HAPPY 80TH BIRTHDAY, UNCLE J
Omiragua John Aaron Okenabirhie, an Effurun-based business man and industrialist, is 80 years today. I have been hearing of Uncle J since the 70s before I met him in the 80s. Sometimes, in the 70s, when we travelled from Ozoro to Warri, when we got to Effurun at Glorylux Venetian Blinds Company, my father would proudly tell us, “You see that company, it is owned by a son of Ewhu (my hometown). I am far older than he is o, but he is very rich.” If my father were alive, he would have been 96 years, so you understand why he said “mi vieren gangan” (I am much older than he is). The age difference between Uncle J and my father was 16 years, while Uncle J is more than 20 years older than I am, but he prefers to call me “my brother.”
I love Uncle J for his humility and simplicity. He comes to church on Sundays tying wrappers (Ankara) that costs not more than N3,000 and tops ( kolapa) done with materials of about N500 per yard, complemented with a bead of about N2,000, not coral beads that now costs hundreds of thousands and even millions of Naira.
He refused to take a chieftaincy title and prefers the prefix of Omiragua (Mister). You will not appreciate this if you are not Urhobo or Isoko. In Urhoboland, the eldest person on a table during events breaks the kolanuts and shares the wedge (money). If a host refuses to wedge kolanut, it is a mark of enormous disrespect. Some guests will not even touch the kolanut because they are (“emuvwie”) freeborn people, not slaves. These days, virtually everybody is a chief (olorogun). If your son’s age mate who is an olorogun is sharing a table with you, he wants to break the kolanut instead of you, the older person. They call it tradition.
There has been pressure on me to take a chieftaincy title for a while. I even got two (one in Imo State), but refused to formalise them. When the insults of younger people breaking kolanuts where I am present got to me, I wanted to take the titles, but my wife, mother and siblings were not impressed. I consulted with Uncle J on how he copes when younger people want to break kolanuts when he is present. After our discussion, I closed that chapter forever.
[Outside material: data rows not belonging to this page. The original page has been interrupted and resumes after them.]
(* Let $\mathcal{M}$ be an $\epsilon$-differentially private mechanism on datasets with $n$ rows. Let $T = T_{A_k}\circ\cdots\circ T_{A_1}$ be a sequence of imputation transformations, one for each attribute $A_1,\ldots,A_k$, where each $T_{A_j}$ replaces all missing entries of attribute $A_j$ by a value computed from its input dataset and leaves all other entries unchanged. Then the composite mechanism $\mathcal{M}\circ T$ is $n\epsilon$-differentially private on incomplete datasets with $n$ rows.
   Context: A randomized mechanism $\mathcal{M}$ is $(\epsilon,\delta)$-DP if for all neighbouring datasets $D,D'$ (same number of rows, differing in exactly one row) and all measurable output sets $Z$, $\Pr[\mathcal{M}(D)\in Z]\le e^{\epsilon}\Pr[\mathcal{M}(D')\in Z]+\delta$; $\epsilon$-DP means $(\epsilon,0)$-DP. Datasets may contain missing cells. *)

From HB Require Import structures.
From mathcomp Require Import all_boot all_order all_algebra.
From mathcomp Require Import all_classical all_reals all_analysis.
Set Implicit Arguments. Unset Strict Implicit. Unset Printing Implicit Defensive.
Import Order.TTheory GRing.Theory Num.Theory.
Local Open Scope ring_scope.

(* A dataset with n rows and k attributes (columns); each cell holds an
   optional value of type V, [None] meaning a missing cell. *)
Definition dataset (V : Type) (n k : nat) := 'I_n -> 'I_k -> option V.

Definition neighbours (V : Type) (n k : nat) (D D' : dataset V n k) : Prop :=
  exists i : 'I_n, D i <> D' i /\ forall j : 'I_n, j <> i -> D j = D' j.

Definition DP (V : Type) (n k : nat) (R : realType) (d : measure_display)
  (T : measurableType d) (M : dataset V n k -> probability T R) (eps delta : R)
  : Prop :=
  forall D D' : dataset V n k, neighbours D D' ->
  forall Z : set T, measurable Z ->
    (M D Z <= (expR eps)%:E * M D' Z + delta%:E)%E.

Definition pureDP (V : Type) (n k : nat) (R : realType) (d : measure_display)
  (T : measurableType d) (M : dataset V n k -> probability T R) (eps : R) : Prop :=
  DP M eps 0.

Definition impute (V : Type) (n k : nat) (a : 'I_k) (f : dataset V n k -> V)
  (D : dataset V n k) : dataset V n k :=
  fun r c => if c == a then
               match D r c with None => Some (f D) | Some v => Some v end
             else D r c.

(* T = T_{A_k} o ... o T_{A_1}: impute attribute 0 first, then 1, ..., k-1,
   where f a is the imputation rule of attribute a. *)
Definition impute_all (V : Type) (n k : nat) (f : 'I_k -> dataset V n k -> V)
  (D : dataset V n k) : dataset V n k :=
  foldl (fun D' a => impute a (f a) D') D (enum 'I_k).

From HB Require Import structures.
From mathcomp Require Import all_boot all_order all_algebra.
From mathcomp Require Import all_classical all_reals all_analysis.
Set Implicit Arguments. Unset Strict Implicit.
Import Order.TTheory GRing.Theory Num.Theory.
Local Open Scope ring_scope.

(* Imputation may rewrite every row, so nothing about [impute_all] matters
   beyond its type. Any two datasets with n rows are joined by a chain of n
   hybrids, replacing one row at a time, each step an equality or a neighbour
   pair; group privacy along the chain gives the factor exp(n eps). *)

Section Hybrid.
Variables (V : Type) (n k : nat).
Implicit Types E F : dataset V n k.

Definition hybrid E F (m : nat) : dataset V n k :=
  fun r => if (r < m)%N then F r else E r.

Lemma hybrid0 E F : hybrid E F 0 = E.
Proof. by apply: funext => r; rewrite /hybrid ltn0. Qed.

Lemma hybrid_full E F : hybrid E F n = F.
Proof. by apply: funext => r; rewrite /hybrid ltn_ord. Qed.

Lemma hybrid_neq_row E F m (r : 'I_n) :
  hybrid E F m r <> hybrid E F m.+1 r -> val r = m.
Proof. by rewrite /hybrid ltnS; case: ltngtP. Qed.

Lemma hybridS_eq_or_neighbours E F m :
  hybrid E F m = hybrid E F m.+1 \/
  neighbours (hybrid E F m) (hybrid E F m.+1).
Proof.
have [->|neq] := pselect (hybrid E F m = hybrid E F m.+1); [by left | right].
have [i neq_i] : exists i, hybrid E F m i <> hybrid E F m.+1 i.
  apply: contra_notP neq => all_eq; apply: funext => i.
  by apply: contra_notP all_eq; exists i.
exists i; split => // j; apply: contra_notP => neq_j.
by apply: val_inj; rewrite (hybrid_neq_row neq_j) (hybrid_neq_row neq_i).
Qed.

End Hybrid.

Section GroupPrivacy.
Variables (V : Type) (n k : nat) (R : realType) (d : measure_display).
Variables (T : measurableType d) (M : dataset V n k -> probability T R).
Variable eps : R.
Hypothesis M_DP : pureDP M eps.

Lemma pureDP_ge0 (D D' : dataset V n k) : neighbours D D' -> 0 <= eps.
Proof.
move=> DD'; rewrite leNgt; apply/negP => eps_lt0.
have := M_DP DD' measurableT.
by rewrite !probability_setT adde0 mule1 lee_fin leNgt expR_lt1 eps_lt0.
Qed.

Lemma pureDP_le_eq_or_neighbours (D D' : dataset V n k) (Z : set T) :
  0 <= eps -> measurable Z -> D = D' \/ neighbours D D' ->
  (M D Z <= (expR eps)%:E * M D' Z)%E.
Proof.
move=> eps_ge0 mZ [<-|DD'].
  by rewrite -{1}[M D Z]mul1e lee_wpmul2r // lee_fin leNgt expR_lt1 -leNgt.
by have := M_DP DD' mZ; rewrite adde0.
Qed.

Lemma pureDP_group (D D' : dataset V n k) (Z : set T) :
  0 <= eps -> measurable Z -> (M D Z <= (expR (n%:R * eps))%:E * M D' Z)%E.
Proof.
move=> eps_ge0 mZ; rewrite -(hybrid_full D D').
elim: {1 3}n => [|m IH]; first by rewrite mul0r expR0 mul1e hybrid0.
apply: (le_trans IH).
rewrite -natr1 mulrDl mul1r expRD EFinM -muleA lee_wpmul2l ?lee_fin ?expR_ge0 //.
exact/pureDP_le_eq_or_neighbours/hybridS_eq_or_neighbours.
Qed.

Lemma pureDP_comp (g : dataset V n k -> dataset V n k) :
  pureDP (fun D => M (g D)) (n%:R * eps).
Proof.
move=> D D' DD' Z mZ; rewrite adde0.
exact/pureDP_group/mZ/(pureDP_ge0 DD').
Qed.

End GroupPrivacy.

Theorem theorem2 (V : Type) (n k : nat) (R : realType) (d : measure_display)
  (T : measurableType d) (M : dataset V n k -> probability T R) (eps : R)
  (f : 'I_k -> dataset V n k -> V) :
  pureDP M eps ->
  pureDP (fun D => M (impute_all f D)) (n%:R * eps).
Proof. by move=> M_DP; exact: pureDP_comp. Qed.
I do not even chew kolanuts anymore and the so called wedge can be as little as N200, nothing for me to split hairs over. I have absolutely nothing against people taking chieftaincy titles, but it is not for me. Let me continue to live my life on my own terms.
Happy 80th birthday and many returns, Uncle J. In spite of the grey hairs which started “oppressing” you at a very young age, you still look very young and sharp at 80. As a young man at 80, let me take the liberty to say my guy, you are a great man.